Wenn Organismen altern, egal ob Menschen oder Mäuse, kann man sie nicht mehr so gut impfen, weil ihr Immunsystem nicht mehr so stark ist. Das liegt auch daran, dass die Anzahl der T-Zellen verringert ist. Ein englisches Wissenschafterteam hat alte Mäuse mit Spermidin gefüttert. Resultat: "Dadurch wurde Autophagie induziert. Die T-Zellen fangen wieder an zu wachsen und dann sind die Mäuse wieder impfbar."
Klinische Versuche
Der Knackpunkt für die Validität von medizinischen Forschungsergebnissen, die auf Modellorganismen beruhen, ist stets deren Überführbarkeit auf den Menschen. Viele der genannten Studien befinden sich in eben diesem Übergangsstadium. Auch Frank Madeos Gruppe steht mitten in der Umsetzungsphase eines solchen, immer mit großen Aufwänden verbundenen Konzepts.
Gemeinsam mit Agnes Flöel von der Charité in Berlin wird soeben im Projekt "SmartAge" der "Einfluss polyaminreicher Nahrungsergänzung auf kognitive Fähigkeiten bei gesunden Menschen mit subjektiv empfundener Gedächtnisverschlechterung" überprüft, so der Arbeitstitel. Ergebnisse sollen Mitte bis Ende 2017 vorliegen. Basis für diese wie auch für eine andere Studie, bei der der heilende Effekt von Spermidin auf eine seltene degenerative Muskelerkrankung getestet wird, sind spermidinreiche Weizenkeimextrakt-Kapseln. Entwickelt wurden sie in Graz im Labor, um die schnelle Anwendung am Menschen zu ermöglichen.
Andere Studien der Grazer Forschergruppe liegen momentan in Begutachtung bei Wissenschaftsjournalen, weshalb noch wenig darüber gesagt werden darf. Die Annahme ist jedenfalls, dass Spermidin die Transkription, also die genetische Antwort die der Zellkern gibt, verändert: "Spermidin bewirkt eine epigenetische Veränderung im Zellkern und dadurch wird das Zellkernprogramm - also die Gene die abgelesen werden -, auf jugendlich geschaltet.

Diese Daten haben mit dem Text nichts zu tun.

(* Let $A\in\{0,1\}^{N\times n}$ and, for unit vectors $U_1,\dots,U_N,V_1,\dots,V_n\in\mathbb{R}^d$, $t>0$ and $b\in\mathbb{R}$, define $$\mathcal{L}(\{U_j\},\{V_i\};t,b)=\sum_{j\in[N],\,i\in[n]}\log\Bigl(1+\exp\bigl((-1)^{A_{ji}}(t\langle U_j,V_i\rangle-b)\bigr)\Bigr).$$ (1) If $\mathcal{L}(\{U_j\},\{V_i\};t,b)<\log 2$, then there exists $m>0$ such that $\{U_j\},\{V_i\}$ is a margin-$m$, relative-bias-$\frac bt$ embedding of $A$. (2) If $\{U_j\},\{V_i\}$ is a margin-$m_*$, relative-bias-$\tau$ embedding of $A$, where $$m_*:=\min\Bigl\{\min_{A_{ji}=1}(\langle U_j,V_i\rangle-\tau),\ \min_{A_{ji}=0}(\tau-\langle U_j,V_i\rangle)\Bigr\}>0,$$ then $\lim_{T\to\infty}\frac1T\log\mathcal{L}(\{U_j\},\{V_i\};T,T\tau)=-m_*$.
   Context: For $A\in\{0,1\}^{N\times n}$, $m\ge0$ and $\tau\in\mathbb{R}$, unit vectors $U_1,\dots,U_N,V_1,\dots,V_n\in\mathbb{R}^d$ form a margin-$m$, relative-bias-$\tau$ embedding of $A$ if $\langle U_j,V_i\rangle\ge\tau+m$ whenever $A_{ji}=1$ and $\langle U_j,V_i\rangle\le\tau-m$ whenever $A_{ji}=0$. *)

From HB Require Import structures.
From mathcomp Require Import all_boot all_order all_algebra.
From mathcomp Require Import all_classical all_reals all_analysis.
Set Implicit Arguments. Unset Strict Implicit. Unset Printing Implicit Defensive.
Import Order.TTheory GRing.Theory Num.Theory.
Import numFieldNormedType.Exports.
Local Open Scope ring_scope.

Section Defs.
Variable R : realType.

Definition dotp (d : nat) (u v : 'rV[R]_d) : R := \sum_(k < d) u 0 k * v 0 k.

Definition unit_vec (d : nat) (u : 'rV[R]_d) : Prop := dotp u u = 1.

(* margin-m, relative-bias-tau embedding of A (A j i = true means A_{ji} = 1) *)
Definition embedding (N n d : nat) (A : 'M[bool]_(N, n))
  (U : 'I_N -> 'rV[R]_d) (V : 'I_n -> 'rV[R]_d) (m tau : R) : Prop :=
  forall (j : 'I_N) (i : 'I_n),
    (A j i -> tau + m <= dotp (U j) (V i)) /\
    (~~ A j i -> dotp (U j) (V i) <= tau - m).

Definition loss (N n d : nat) (A : 'M[bool]_(N, n))
  (U : 'I_N -> 'rV[R]_d) (V : 'I_n -> 'rV[R]_d) (t b : R) : R :=
  \sum_(j < N) \sum_(i < n)
     ln (1 + expR ((-1) ^+ (A j i : nat) * (t * dotp (U j) (V i) - b))).

(* m_* = min { min_{A_ji=1} (<U_j,V_i> - tau), min_{A_ji=0} (tau - <U_j,V_i>) },
   computed in the extended reals (a min over an empty index set is +oo). *)
Definition mstar (N n d : nat) (A : 'M[bool]_(N, n))
  (U : 'I_N -> 'rV[R]_d) (V : 'I_n -> 'rV[R]_d) (tau : R) : \bar R :=
  Order.min
    (\big[Order.min/+oo%E]_(j < N) \big[Order.min/+oo%E]_(i < n | A j i)
        (dotp (U j) (V i) - tau)%:E)
    (\big[Order.min/+oo%E]_(j < N) \big[Order.min/+oo%E]_(i < n | ~~ A j i)
        (tau - dotp (U j) (V i))%:E).

End Defs.

(* The loss is a sum of softplus terms [softplus (- t g)] over all pairs, where [g] is the signed
   gap between the inner product and the bias (positive exactly when the pair is on the correct
   side).  Since [softplus x < ln 2] iff [x < 0], a total loss below [ln 2] puts every pair on the
   correct side, and the smallest gap is a margin.  For the rate, [softplus x] lies between
   [expR x / 2] (for [x <= 0]) and [expR x], so at scale [T] the loss is [exp (- T m_* )] up to a
   factor between [1/2] and the number of pairs; taking [ln] and dividing by [T] gives [- m_*]. *)
From HB Require Import structures.
From mathcomp Require Import all_boot all_order all_algebra.
From mathcomp Require Import all_classical all_reals all_analysis.
From mathcomp Require Import ring lra.
Set Implicit Arguments. Unset Strict Implicit. Unset Printing Implicit Defensive.
Import Order.TTheory GRing.Theory Num.Theory.
Import numFieldNormedType.Exports.
Local Open Scope classical_set_scope.
Local Open Scope ring_scope.

Section Softplus.
Variable R : realType.
Implicit Types x y : R.

Definition softplus x : R := ln (1 + expR x).

Lemma softplus_gt0 x : 0 < softplus x.
Proof. by rewrite ln_gt0 // ltrDl expR_gt0. Qed.

Lemma softplus_lt_ln2 x : (softplus x < ln 2) = (x < 0).
Proof.
have ln1Dx_gt0 : 0 < 1 + expR x by rewrite addr_gt0 ?expR_gt0.
by rewrite /softplus ltr_ln ?posrE // -expR_lt1 -[ltRHS]/(1 + 1) ltrD2l.
Qed.

Lemma softplus_le_expR x : softplus x <= expR x.
Proof. by apply: le_ln1Dx; rewrite (lt_trans _ (expR_gt0 x)) ?ltrN10. Qed.

Lemma half_le_ln1D y : 0 < y -> y <= 1 -> y / 2 <= ln (1 + y).
Proof.
move=> y0 y1.
have y1D0 : 0 < 1 + y by lra.
have : -1 < - (y / (1 + y)) by rewrite ltrN2 ltr_pdivrMr //; lra.
move=> /le_ln1Dx; rewrite (_ : 1 - y / (1 + y) = (1 + y)^-1); last by field; lra.
rewrite lnV ?posrE // lerN2 => /(le_trans _); apply.
by rewrite ler_pM2l // lef_pV2 ?posrE //; lra.
Qed.

Lemma half_expR_le_softplus x : x <= 0 -> expR x / 2 <= softplus x.
Proof. by move=> x_le0; apply: half_le_ln1D; rewrite ?expR_gt0 ?expR_le1. Qed.

End Softplus.

Section Asymptotics.
Variable R : realType.

Lemma invr_cvg0_pinfty : T^-1 @[T --> +oo%R] --> (0 : R).
Proof. by apply/gtr0_cvgV0; [exact: nbhs_pinfty_gt | exact: cvg_id]. Qed.

Lemma cvg_div_pinfty_of_affine_bounds (f : R -> R) (l a b : R) :
  (forall T, 0 < T -> l * T - a <= f T <= l * T + b) ->
  f T / T @[T --> +oo%R] --> l.
Proof.
move=> fab.
have cvg_shift c : l + c * T^-1 @[T --> +oo%R] --> l.
  by rewrite -[X in _ --> X]addr0 -(mulr0 c); apply: cvgD;
    [exact: cvg_cst | exact: cvgMl_tmp invr_cvg0_pinfty].
apply: (squeeze_cvgr _ (cvg_shift (- a)) (cvg_shift b)).
near=> T; have T_gt0 : 0 < T by near: T; exact: nbhs_pinfty_gt.
have /andP[fa fb] := fab T T_gt0.
rewrite ler_pdivlMr // ler_pdivrMr // !mulrDl -!mulrA mulVf ?gt_eqF // !mulr1.
by rewrite fa fb.
Unshelve. all: end_near.
Qed.

End Asymptotics.

Section SoftplusSums.
Variables (R : realType) (I : finType).

Lemma le_sum_softplus (g : I -> R) i : softplus (g i) <= \sum_k softplus (g k).
Proof.
rewrite (bigD1 i) //= lerDl sumr_ge0 // => k _.
exact/ltW/softplus_gt0.
Qed.

Lemma sum_softplus_lt_ln2 (g : I -> R) : \sum_k softplus (g k) < ln 2 -> forall i, g i < 0.
Proof.
by move=> lt_ln2 i; rewrite -softplus_lt_ln2 (le_lt_trans (le_sum_softplus g i)).
Qed.

Variables (g : I -> R) (i0 : I).
Hypotheses (g_min : forall i, g i0 <= g i) (g_i0_gt0 : 0 < g i0).

Lemma ln_sum_softplus_bounds T : 0 < T ->
  - g i0 * T - ln 2 <= ln (\sum_i softplus (- (T * g i)))
                    <= - g i0 * T + ln #|I|%:R.
Proof.
move=> T_gt0; set S := \sum_i _; set e := expR (- (T * g i0)).
have cardI_gt0 : (0 < #|I|%:R :> R) by rewrite ltr0n; apply/card_gt0P; exists i0.
have e_gt0 : 0 < e by rewrite expR_gt0.
have lowS : e / 2 <= S.
  apply: le_trans (le_sum_softplus (fun i => - (T * g i)) i0).
  by rewrite half_expR_le_softplus // oppr_le0 mulr_ge0 // ltW.
have upS : S <= #|I|%:R * e.
  rewrite mulr_natl -sumr_const; apply: ler_sum => i _.
  by rewrite (le_trans (softplus_le_expR _)) // ler_expR lerN2 ler_pM2l.
have S_gt0 : 0 < S by rewrite (lt_le_trans _ lowS) ?divr_gt0.
rewrite mulNr mulrC; apply/andP; split.
- by rewrite -[X in X - _]expRK -ln_div ?posrE // ler_ln ?posrE ?divr_gt0.
- by rewrite addrC -[X in _ + X]expRK -lnM ?posrE // ler_ln ?posrE ?mulr_gt0.
Qed.

Lemma ln_sum_softplus_rate :
  ln (\sum_i softplus (- (T * g i))) / T @[T --> +oo%R] --> - g i0.
Proof. exact: cvg_div_pinfty_of_affine_bounds ln_sum_softplus_bounds. Qed.

End SoftplusSums.

Lemma exists_pos_lower_bound (R : realType) (I : finType) (f : I -> R) :
  (forall i, 0 < f i) -> exists2 m, 0 < m & forall i, m <= f i.
Proof.
move=> f_gt0; exists (\big[Order.min/1]_i f i); last by move=> i; exact: bigmin_le.
by elim/big_ind: _ => // x y x_gt0 y_gt0; rewrite lt_min x_gt0 y_gt0.
Qed.

Section Embedding.
Variables (R : realType) (N n d : nat) (A : 'M[bool]_(N, n)).
Variables (U : 'I_N -> 'rV[R]_d) (V : 'I_n -> 'rV[R]_d).

Definition gap (tau : R) (p : 'I_N * 'I_n) : R :=
  if A p.1 p.2 then dotp (U p.1) (V p.2) - tau else tau - dotp (U p.1) (V p.2).

Lemma embeddingE m tau : embedding A U V m tau <-> forall p, m <= gap tau p.
Proof.
split=> [emb [j i] | gap_ge j i]; rewrite /gap /=.
- by have [+ +] := emb j i; case: (A j i) => /= [h _ | _ h]; have := h isT; lra.
- by have := gap_ge (j, i); rewrite /gap /=; case: (A j i) => /= h; split=> // _; lra.
Qed.

Lemma loss_gapE t tau : loss A U V t (t * tau) = \sum_p softplus (- (t * gap tau p)).
Proof.
rewrite /loss pair_big; apply: eq_bigr => -[j i] _; rewrite /gap /softplus /=.
by case: (A j i); rewrite /= ?expr1 ?expr0; congr (ln (1 + expR _)); ring.
Qed.

Lemma mstarE tau : mstar A U V tau = \big[Order.min/+oo%E]_p (gap tau p)%:E.
Proof.
rewrite /mstar -bigmin_split.
transitivity (\big[Order.min/+oo%E]_j \big[Order.min/+oo%E]_i (gap tau (j, i))%:E).
  apply: eq_bigr => j _.
  rewrite bigmin_mkcond [X in Order.min _ X]bigmin_mkcond -bigmin_split.
  apply: eq_bigr => i _; rewrite /gap /=.
  by case: (A j i); rewrite /= ?miney ?minye.
by rewrite pair_bigA; apply: eq_bigr => -[].
Qed.

Lemma mstar_attained tau : (0 < N)%N -> (0 < n)%N ->
  exists p, mstar A U V tau = (gap tau p)%:E.
Proof.
move=> N_gt0 n_gt0; rewrite mstarE.
by eexists; rewrite (bigmin_eq_arg _ (Ordinal N_gt0, Ordinal n_gt0)) // => p _; exact: leey.
Qed.

End Embedding.

Theorem propositionG4 (R : realType) (N n d : nat) (A : 'M[bool]_(N, n))
  (U : 'I_N -> 'rV[R]_d) (V : 'I_n -> 'rV[R]_d) :
  (0 < N)%N -> (0 < n)%N ->
  (forall j, unit_vec (U j)) -> (forall i, unit_vec (V i)) ->
  (forall t b : R, 0 < t -> loss A U V t b < ln 2 ->
     exists m : R, 0 < m /\ embedding A U V m (b / t)) /\
  (forall tau : R, (0 < mstar A U V tau)%E ->
     embedding A U V (fine (mstar A U V tau)) tau ->
     ln (loss A U V T (T * tau)) / T @[T --> +oo%R]
       --> - fine (mstar A U V tau)).
Proof.
move=> N_gt0 n_gt0 _ _; split=> [t b t_gt0 | tau].
- have -> : loss A U V t b = loss A U V t (t * (b / t)).
    by rewrite mulrC divfK // gt_eqF.
  rewrite loss_gapE => /sum_softplus_lt_ln2 gap_neg.
  have gap_gt0 p : 0 < gap A U V (b / t) p.
    by have := gap_neg p; rewrite oppr_lt0 pmulr_rgt0.
  have [m m_gt0 m_le] := exists_pos_lower_bound gap_gt0.
  by exists m; split; last exact/embeddingE.
- move=> + /embeddingE; have [p0 ->] := mstar_attained A U V tau N_gt0 n_gt0.
  rewrite lte_fin /= => gap_gt0 gap_min.
  under eq_fun do rewrite loss_gapE.
  exact: ln_sum_softplus_rate.
Qed.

Das ist der Mechanismus, dem wir gerade nachgehen." Ein weiterer Schwerpunkt sind einzelne Organe - die ja auch unterschiedlich schnell altern - und die Frage: Wo räumt Spermidin am meisten auf?
Praktische Auswirkungen
Wie also soll man sich angesichts dieser gebündelten Erkenntnisse ernähren, gibt es eine eindeutige Empfehlung? Unbestritten scheinen die positiven Effekte des Fastens auf den Alterungsprozess. Fasten beginnt nach derzeitigem Stand ungefähr 20 Stunden nach der letzten Mahlzeit, dann nämlich setzt die Autophagie ein. Will man diesen Prozess noch ankurbeln, kann man vermehrt Nahrungsmittel mit viel Spermidin zu sich nehmen.
Einen Tag zu fasten und einen Tag ohne Einschränkung zu essen ist ein Modell, das zum Beispiel bei Mäusen schon eine signifikante Verlängerung der Lebensspanne ergeben hat. Eine groß angelegte Studie (www.interfast.at), die Madeo gemeinsam mit Thomas Pieber von der Medizinischen Universität Graz betreibt, schickt sich an, diesen Zusammenhang mit Hilfe zahlreicher freiwilliger Probanden nun auch beim Menschen zu bestätigen. Ergebnisse daraus dürften 2017 vorliegen.
"Wenn ich das alles subsumieren sollte in ein paar Sätzen, dann würde ich sagen: Wir wissen nicht, wie lange die Pausen zwischen den Mahlzeiten sein müssen, aber es ist sicher richtig, dass man große Pausen zwischen den Mahlzeiten machen sollte. Was Ernährungsberater seit Jahrzehnten propagieren, dass man also viele kleine Portiönchen über den Tag verteilt essen soll, ist sicher falsch", so Madeo, der gleichzeitig aber auch vor Dogmatismus in Ernährungsfragen warnt. Nur so viel sei gesagt: "Wir sind Allesfresser und als Allesfresser evolviert. Ich warne davor, sich zu weit davon zu entfernen."